Few things are more frustrating than expecting a refund and instead facing an unexpected tax bill, or discovering you owe far more than you planned. In many cases, the problem isn’t your income. It’s your Form W-4. Your W-4 tells your employer how much federal income tax to withhold from each paycheck. If it’s filled out incorrectly, or simply outdated based on your filing status, you may not be withholding enough (or you may be withholding too much). Reviewing and adjusting your W-4 is one of the simplest ways to stay in control of your tax situation.
A Hollis resident found out the hard way how much of an impact her W-4 had on her end of year tax filing. Throughout the calendar year, her employer had not been deducting enough in taxes from her paycheck. The result was a hefty amount owed when it came time to file her taxes.
Why the W-4 Matters
The IRS operates on a “pay-as-you-go” system. That means taxes must be paid throughout the year, either through paycheck withholding or estimated quarterly payments. If you don’t pay enough during the year, you could face:
- A large balance due in April
- Underpayment penalties
- Cash flow stress at tax time
On the other hand, over-withholding means you’re giving the government an interest-free loan. While some taxpayers enjoy receiving a refund, that money could have been working for you all year long.
When You Should Review Your W-4
Many people fill out a W-4 when they start a job and never look at it again. You should review your W-4 anytime you experience a financial or life change, including:
- Marriage or divorce
- A new baby or dependent
- A second job (yours or your spouse’s)
- A significant raise or bonus
- Starting freelance or side income
- Paying off a major deduction like student loan interest
Even without major life changes, it’s wise to review your withholding annually.

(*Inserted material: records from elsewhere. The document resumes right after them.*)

(* Let $n\ge2$, $0<r<n$, and $E_1\ge E_2\ge\dots\ge E_n>0$. For a set $\mathcal{A}=\{a_1<a_2<\dots<a_r\}\subseteq[1:n]$ of size $r$, let (P-$\mathcal{A}$) be the linear program $$\max_{\mathbf{p}\in\mathcal{I},\,\gamma\in\mathbb{R}}\ \sum_{j=1}^np_jE_j-\frac12\sum_{j\in\mathcal{A}}p_jE_j\quad\text{s.t. } p_aE_a\ge\gamma\ \forall a\in\mathcal{A},\quad \gamma\ge p_tE_t\ \forall t\in[1:n]\setminus\mathcal{A}.$$ Then the optimal value of (P-$\{1,2,\dots,r\}$) is at least the optimal value of (P-$\mathcal{A}$) for every such $\mathcal{A}$.
   Context: $\mathcal{I}=\{\mathbf{p}\in[0,1]^n:\sum_kp_k=r\}$; $[1:n]=\{1,\dots,n\}$. (For $m=2$, maximizing $f^{\mathrm{worst}}(\mathbf{p})=\sum_kp_kE_k-\frac12(\text{sum of the }r\text{ largest }p_kE_k)$ over $\mathcal{I}$ is the best of the programs (P-$\mathcal{A}$).) *)

From HB Require Import structures.
From mathcomp Require Import all_boot all_order all_algebra.
From mathcomp Require Import classical_sets reals.
Set Implicit Arguments. Unset Strict Implicit. Unset Printing Implicit Defensive.
Import Order.TTheory GRing.Theory Num.Theory.
Local Open Scope ring_scope.
Local Open Scope classical_set_scope.

(* Indices [1:n] are represented by 'I_n (0-based: index i stands for i+1). *)

Definition in_I (R : realType) (n r : nat) (p : 'I_n -> R) : Prop :=
  (forall k, 0 <= p k <= 1) /\ \sum_(k < n) p k = r%:R.

Definition PA_feasible (R : realType) (n r : nat) (E : 'I_n -> R)
    (A : {set 'I_n}) (p : 'I_n -> R) (gamma : R) : Prop :=
  [/\ in_I r p,
      (forall a, a \in A -> gamma <= p a * E a) &
      (forall t, t \notin A -> p t * E t <= gamma)].

Definition PA_obj (R : realType) (n : nat) (E : 'I_n -> R)
    (A : {set 'I_n}) (p : 'I_n -> R) : R :=
  \sum_(j < n) p j * E j - 2^-1 * \sum_(j in A) p j * E j.

(* Optimal value of (P-A): supremum of the objective over the feasible set
   (the maximum is attained, the feasible set being nonempty and compact). *)
Definition PA_value (R : realType) (n r : nat) (E : 'I_n -> R)
    (A : {set 'I_n}) : R :=
  sup [set PA_obj E A p | p in [set p | exists gamma, PA_feasible r E A p gamma]].

Definition top_set (n r : nat) : {set 'I_n} := [set i : 'I_n | (i < r)%N].

From HB Require Import structures.
From mathcomp Require Import all_boot all_order all_algebra.
From mathcomp Require Import classical_sets reals.
From mathcomp Require Import lra.
Set Implicit Arguments. Unset Strict Implicit. Unset Printing Implicit Defensive.
Import Order.TTheory GRing.Theory Num.Theory.
Local Open Scope ring_scope.

(* Exchange argument.  Let (p, gamma) be feasible for (P-A) with A different
   from {1, ..., r}: some a in A lies beyond r and some i <= r is missing
   from A, so E_i >= E_a.  Move i into the set and a out of it, keeping gamma
   and the total mass p_a + p_i, and give a the new mass
   max (p_a + p_i - 1, p_i E_i / E_a): the products p_a E_a and p_i E_i then
   trade places up to a nonnegative surplus, which only raises the objective.
   Each exchange shrinks A \ {1, ..., r}, so every objective value of (P-A)
   is dominated by one of (P-{1, ..., r}). *)

Lemma exchange_masses (R : realFieldType) (e f g u w : R) :
  0 < e -> e <= f -> 0 <= u <= 1 -> 0 <= w <= 1 -> w * f <= g -> g <= u * e ->
  let x := Num.max (u + w - 1) (w * f / e) in
  [/\ 0 <= x <= 1, 0 <= u + w - x <= 1, x * e <= g, g <= (u + w - x) * f &
      2^-1 * (u * e) + w * f <= x * e + 2^-1 * ((u + w - x) * f)].
Proof.
move=> e0 ef /andP[u0 u1] /andP[w0 w1] wg gu x.
have f0 : 0 < f by apply: lt_le_trans ef.
set x0 := w * f / e.
have x0e : x0 * e = w * f by rewrite /x0 divfK ?gt_eqF.
have x0_ge0 : 0 <= x0 by rewrite /x0 divr_ge0 ?mulr_ge0 // ltW.
have x0u : x0 <= u by rewrite -(ler_pM2r e0) x0e (le_trans wg gu).
(* the surplus (u + w - x0) f - u e equals (f - e) (u e - w f) / e *)
have surplus : u * e <= (u + w - x0) * f.
  rewrite -(ler_pM2l e0); have : 0 <= (f - e) * (u * e - w * f).
    by apply: mulr_ge0; lra.
  nra.
have [x0_lt|x0_ge] := ltP x0 (u + w - 1).
- have ue_le_e : u * e <= e := ler_piMl (ltW e0) u1.
  have we_le_wf : w * e <= w * f := ler_wpM2l w0 ef.
  have x0e_le : x0 * e <= (u + w - 1) * e by rewrite ler_pM2r // ltW.
  by rewrite /x max_l ?(ltW x0_lt) //; split; lra.
- by rewrite /x -/x0 max_r //; split; lra.
Qed.

Lemma sumr_eq_off_pair (I : finType) (V : zmodType) (F G : I -> V) (a i : I) :
  a != i -> (forall j, j != a -> j != i -> F j = G j) ->
  \sum_j F j - (F a + F i) = \sum_j G j - (G a + G i).
Proof.
move=> ai FG.
have split2 (H : I -> V) :
    \sum_j H j = H a + H i + \sum_(j | (j != a) && (j != i)) H j.
  by rewrite (bigD1 a) //= (bigD1 i) 1?eq_sym //= addrA.
rewrite (split2 F) (split2 G) [LHS]addrC [RHS]addrC !addKr.
by apply: eq_bigr => j /andP[]; apply: FG.
Qed.

Lemma card_top_set (n r : nat) : (r <= n)%N -> #|top_set n r| = r.
Proof.
move=> rn; rewrite -sum1_card (eq_bigl (fun i : 'I_n => i < r)%N) => [|i].
  by rewrite (big_ord_narrow rn) sum1_card card_ord.
by rewrite inE.
Qed.

Section ExchangeArgument.
Variables (R : realType) (n r : nat) (E : 'I_n -> R).
Hypothesis E_pos : forall i : 'I_n, 0 < E i.
Hypothesis E_mono : forall i j : 'I_n, (i <= j)%N -> E j <= E i.

Definition PA_weight (A : {set 'I_n}) (j : 'I_n) : R :=
  if j \in A then 2^-1 else 1.

Lemma PA_objE (A : {set 'I_n}) (p : 'I_n -> R) :
  PA_obj E A p = \sum_j PA_weight A j * (p j * E j).
Proof.
rewrite /PA_obj mulr_sumr [X in _ - X]big_mkcond /= -sumrB.
by apply: eq_bigr => j _; rewrite /PA_weight; case: (j \in A); lra.
Qed.

Lemma PA_obj_le_sumE (A : {set 'I_n}) p g :
  PA_feasible r E A p g -> PA_obj E A p <= \sum_j E j.
Proof.
case=> [[p01 _] _ _]; rewrite PA_objE; apply: ler_sum => j _.
have := E_pos j; have /andP[] := p01 j; rewrite /PA_weight.
by case: (j \in A); nra.
Qed.

Lemma PA_feasible_indicator (A : {set 'I_n}) :
  #|A| = r -> PA_feasible r E A (fun k => (k \in A)%:R) 0.
Proof.
move=> cardA; split; first split.
- by move=> k; case: (k \in A); rewrite ?lexx ler01.
- rewrite -cardA -sum1_card natr_sum [RHS]big_mkcond.
  by apply: eq_bigr => k _; case: (k \in A).
- by move=> a ->; rewrite mul1r ltW.
- by move=> t /negbTE ->; rewrite mul0r.
Qed.

Lemma PA_feasible_exchange (A : {set 'I_n}) (a i : 'I_n) p g :
  a \in A -> i \notin A -> (i <= a)%N -> PA_feasible r E A p g ->
  exists2 q, PA_feasible r E (i |: (A :\ a)) q g &
             PA_obj E A p <= PA_obj E (i |: (A :\ a)) q.
Proof.
move=> aA iA ia [[p01 sum_p] geA leA].
have ai : a != i by apply: contraNneq iA => <-.
have [] := exchange_masses (E_pos a) (E_mono ia) (p01 a) (p01 i)
                           (leA i iA) (geA a aA).
set x := Num.max _ _ => x01 y01 xg gy obj.
pose q j := if j == a then x else if j == i then p a + p i - x else p j.
have qa : q a = x by rewrite /q eqxx.
have qi : q i = p a + p i - x by rewrite /q eq_sym (negbTE ai) eqxx.
have q_off j : j != a -> j != i -> q j = p j.
  by move=> ja ji; rewrite /q (negbTE ja) (negbTE ji).
have inA' j : (j \in i |: (A :\ a)) = (j == i) || (j != a) && (j \in A).
  by rewrite !inE.
exists q; first split; first split.
- move=> k; have [->|ka] := eqVneq k a; first by rewrite qa.
  by have [->|ki] := eqVneq k i; [rewrite qi | rewrite q_off].
- have := sumr_eq_off_pair ai q_off; rewrite qa qi sum_p; lra.
- move=> j; rewrite inA'; have [->|ji] := eqVneq j i; first by rewrite qi.
  by case/andP=> ja jA; rewrite q_off //; apply: geA.
- move=> j; rewrite inA' negb_or negb_and negbK => /andP[ji].
  have [->|ja] := eqVneq j a; first by rewrite qa.
  by move=> jA; rewrite q_off //; apply: leA.
- rewrite !PA_objE.
  have off j : j != a -> j != i -> PA_weight (i |: (A :\ a)) j * (q j * E j) =
                                   PA_weight A j * (p j * E j).
    by move=> ja ji; rewrite /PA_weight inA' (negbTE ji) ja q_off.
  have := sumr_eq_off_pair ai off.
  rewrite /PA_weight !inA' !eqxx (negbTE ai) aA (negbTE iA) /= qa qi.
  lra.
Qed.

Hypothesis r_le_n : (r <= n)%N.

Lemma PA_feasible_top_set (A : {set 'I_n}) : #|A| = r ->
  forall p g, PA_feasible r E A p g ->
  exists2 q, PA_feasible r E (top_set n r) q g &
             PA_obj E A p <= PA_obj E (top_set n r) q.
Proof.
set T := top_set n r; have cardT : #|T| = r := card_top_set r_le_n.
move=> cardA; move kE : #|A :\: T| => k.
elim: k A kE cardA => [|k IH] A kE cardA p g fp.
  have /eqP <- : A == T.
    by rewrite eqEcard -finset.setD_eq0 -cards_eq0 kE cardT cardA /=.
  by exists p.
have [a aAT] : exists a, a \in A :\: T by apply/set0Pn; rewrite -cards_eq0 kE.
have [i iTA] : exists i, i \in T :\: A.
  apply/set0Pn; rewrite -cards_eq0.
  by rewrite cardsD cardT -cardA finset.setIC -cardsD kE.
move: (aAT) iTA; rewrite !inE -leqNgt => /andP[ra aA] /andP[iA ir].
have [q fq le_pq] := PA_feasible_exchange aA iA (ltnW (leq_trans ir ra)) fp.
have cardA' : #|i |: (A :\ a)| = r.
  by rewrite cardsU1 !inE negb_and iA orbT -cardA (cardsD1 a A) aA.
have kE' : #|(i |: (A :\ a)) :\: T| = k.
  have -> : (i |: (A :\ a)) :\: T = (A :\: T) :\ a.
    apply/setP => j; rewrite !inE.
    by have [->|ji] := eqVneq j i; [rewrite ir andbF | rewrite andbCA].
  by move: kE; rewrite (cardsD1 a) aAT => -[].
have [q' fq' le_qq'] := IH _ kE' cardA' q g fq.
by exists q' => //; apply: le_trans le_qq'.
Qed.

End ExchangeArgument.

Theorem lemma9 (R : realType) (n r : nat) (E : 'I_n -> R)
  (hn : (2 <= n)%N) (hr0 : (0 < r)%N) (hrn : (r < n)%N)
  (hEmono : forall i j : 'I_n, (i <= j)%N -> E j <= E i)
  (hEpos : forall i : 'I_n, 0 < E i)
  (A : {set 'I_n}) (hA : #|A| = r) :
  PA_value r E A <= PA_value r E (top_set n r).
Proof.
rewrite /PA_value; set T := top_set n r; set ST := (X in _ <= sup X).
have ubT : has_ubound ST.
  by exists (\sum_j E j) => _ [p [g fp] <-]; apply: PA_obj_le_sumE fp.
apply: ge_sup => [|_ [p [g fp] <-]].
  exists (PA_obj E A (fun k => (k \in A)%:R)), (fun k => (k \in A)%:R) => //.
  by exists 0; apply: PA_feasible_indicator.
have [q fq le_pq] := PA_feasible_top_set hEpos hEmono (ltnW hrn) hA fp.
by apply: le_trans le_pq (ub_le_sup ubT _); exists q => //; exists g.
Qed.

Understanding the Current W-4
The current W-4 form no longer uses “allowances” like older versions did. Instead, it walks you through specific sections:
Step 1: Personal Information and Filing Status
Your filing status (Single, Married Filing Jointly, or Head of Household) significantly impacts how much tax is withheld.

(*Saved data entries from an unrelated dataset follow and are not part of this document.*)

(* Let $0<r'<r<1$. There exists $f_{r'}\in\mathbb{Z}((T))_{>r}$ such that for every extremally disconnected set $S$, the kernel of the ring homomorphism $\theta_{r'}:\mathbb{Z}((T))_r(S)\to C(S,\mathbb{R})$, $\sum a_nT^n\mapsto\big(s\mapsto\sum a_n(s)(r')^n\big)$, is the ideal $f_{r'}\cdot\mathbb{Z}((T))_r(S)$ (where $f_{r'}$ is regarded as an element of $\mathbb{Z}((T))_r(S)$ with constant coefficient functions).
   Context: Extremally disconnected sets are the projective objects in the category of compact Hausdorff spaces. For $0<r<1$ and extremally disconnected $S$, $\mathbb{Z}((T))_r(S)$ is the ring of formal sums $\sum_{n\ge k}a_nT^n$ (some $k\in\mathbb{Z}$) with $a_n\in C(S,\mathbb{Z})$ such that there is $c>0$ with $\sum_n|a_n(s)|r^n\le c$ for all $s\in S$. $\mathbb{Z}((T))_{>r}$ is the ring of integer Laurent series $\sum_{n\gg-\infty}a_nT^n$ such that $|a_n|(r'')^n\to 0$ for some $r''>r$. *)

From HB Require Import structures.
From mathcomp Require Import all_boot all_order all_algebra.
From mathcomp Require Import all_classical all_reals all_analysis.
Set Implicit Arguments. Unset Strict Implicit. Unset Printing Implicit Defensive.
Import Order.TTheory GRing.Theory Num.Theory.
Import numFieldNormedType.Exports.
Local Open Scope classical_set_scope.
Local Open Scope ring_scope.

Definition extremally_disconnected (S : topologicalType) : Prop :=
  forall U : set S, open U -> open (closure U).

(* continuity of a : S -> Z for the discrete topology on Z *)
Definition locally_constant (S : topologicalType) (a : S -> int) : Prop :=
  forall s : S, \forall t \near s, a t = a s.

(* Z((T))_r(S): coefficient families a : int -> C(S,Z), vanishing below some
   k, with sum_n |a_n(s)| r^n bounded uniformly in s (partial sums bounded,
   the terms being nonnegative). *)
Definition ZLr (R : realType) (r : R) (S : topologicalType)
    (a : int -> S -> int) : Prop :=
  (forall n, locally_constant (a n)) /\
  exists k : int, (forall n s, n < k -> a n s = 0) /\
    exists c : R, forall (s : S) (N : nat),
      \sum_(i < N) ((`|a (k + i%:Z) s|)%:~R * r ^ (k + i%:Z)) <= c.

Definition ZLgt (R : realType) (r : R) (f : int -> int) : Prop :=
  (exists k : int, forall n, n < k -> f n = 0) /\
  exists r2 : R, r < r2 /\
    (fun i : nat => (`|f i%:Z|)%:~R * r2 ^ i%:Z) @ \oo --> (0 : R).

(* theta_{r'}(a)(s) = sum_n a_n(s) r'^n (symmetric partial sums; the
   coefficients vanish for n << 0) *)
Definition theta (R : realType) (r' : R) (S : topologicalType)
    (a : int -> S -> int) (s : S) : R :=
  lim ((fun N : nat => \sum_(i < (2 * N).+1)
          ((a (i%:Z - N%:Z) s)%:~R * r' ^ (i%:Z - N%:Z))) @ \oo).

(* g = f * h (Cauchy product of Laurent series, f with constant integer
   coefficients):  g_n(s) = sum_{kf <= i <= n - kh} f_i h_{n-i}(s) *)
Definition is_laurent_prod (S : topologicalType) (f : int -> int)
    (h g : int -> S -> int) : Prop :=
  exists kf kh : int,
    (forall n, n < kf -> f n = 0) /\ (forall n s, n < kh -> h n s = 0) /\
    forall n s, g n s =
      if n < kf + kh then 0
      else \sum_(j < (absz (n - (kf + kh))%R).+1) f (kf + j%:Z) * h (n - kf - j%:Z) s.

(* The series f = (1 - T/r') (1 + c_1 T) (1 + c_2 T^2) ..., each correction
   c_j in (-1, 0] being chosen to make the next coefficient an integer, has
   integral coefficients, f_0 = 1 and f(r') = 0, and converges on the unit disc
   since sum_j |c_j| rho^j < oo for rho < 1.  If theta_r'(g) = 0, the m-th
   coefficient of g / (1 - T/r') is -r'^-m sum_(i > m) g_i r'^i, so it is
   summable against r^m; dividing further by the factors 1 + c_j T^j costs at
   most the convergent product of the 1 + r^(j+1) / (1 - r).  The quotient
   h = g / f is integral because f_0 = 1, and locally constant because h_n only
   depends on g_k, ..., g_n.  Conversely, writing f = (1 - T/r') w, the partial
   sums of g = f h at r' telescope to (w h)_N r'^N, which tends to 0. *)

From HB Require Import structures.
From mathcomp Require Import all_boot all_order all_algebra.
From mathcomp Require Import all_classical all_reals all_analysis.
From mathcomp Require Import zify ring lra.
Set Implicit Arguments. Unset Strict Implicit. Unset Printing Implicit Defensive.
Import Order.TTheory GRing.Theory Num.Theory.
Import numFieldNormedType.Exports.
Local Open Scope classical_set_scope.
Local Open Scope ring_scope.

Section BinomialFactors.
Variable R : comPzRingType.
Implicit Types (a b : nat -> R) (c : R).

(* Coefficients of (1 + c T^j) a and of (1 + c T^j)^-1 a. *)
Definition mul_binom c (j : nat) a : nat -> R :=
  fun m => a m + (if (j <= m)%N then c * a (m - j)%N else 0).

Definition div_binom c (j : nat) a : nat -> R :=
  fun m => \sum_(t < (m %/ j).+1) (- c) ^+ t * a (m - t * j)%N.

Lemma div_binomK c j : (0 < j)%N -> cancel (div_binom c j) (mul_binom c j).
Proof.
move=> j0 a; apply: funext => m; rewrite /mul_binom /div_binom.
case: leqP => jm; last first.
  by rewrite divn_small // big_ord1 expr0 mul1r mul0n subn0 addr0.
have -> : (m %/ j = ((m - j) %/ j).+1)%N.
  by rewrite -[j in (m - j)%N]mul1n divnBMl subn1 prednK // divn_gt0.
rewrite big_ord_recl /= expr0 mul1r mul0n subn0 -addrA.
rewrite mulr_sumr -big_split /= big1 ?addr0 // => i _.
by rewrite exprS mulSn subnDA !mulNr -mulrA addNr.
Qed.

Step 2: Multiple Jobs or Working Spouse
If you or your spouse has more than one job, this section is critical. Many surprise tax bills happen because households with dual incomes underestimate total taxable income. The IRS provides a worksheet and online estimator to help calculate proper withholding.
Step 3: Claiming Dependents
Here you enter qualifying children and other dependents. This directly reduces the amount withheld from your paycheck.
Step 4: Other Adjustments
This section allows you to:
- Account for other income not subject to withholding (like interest, dividends, or side business income).
- Claim deductions beyond the standard deduction.
- Request extra withholding per paycheck.
For many taxpayers trying to avoid a surprise bill, requesting a specific additional dollar amount withheld in Step 4(c) is a simple and effective solution.
Take Control Before Tax Season
Your W-4 isn’t a one-time form, it’s a financial planning tool. Reviewing it mid-year gives you time to make adjustments gradually, rather than scrambling in March or April.
A quick withholding review today can mean:
- No surprise tax bill
- No penalties
- Better cash flow
- Greater financial confidence
If you’re unsure whether your current withholding is accurate, a tax professional can run a projection based on your year-to-date income and help you adjust your W-4 properly. A small correction now can prevent a big surprise later.
The Hollis resident learned the hard way that her W-4 needed to be adjusted. She was able to make the necessary changes to prevent any surprises in the future.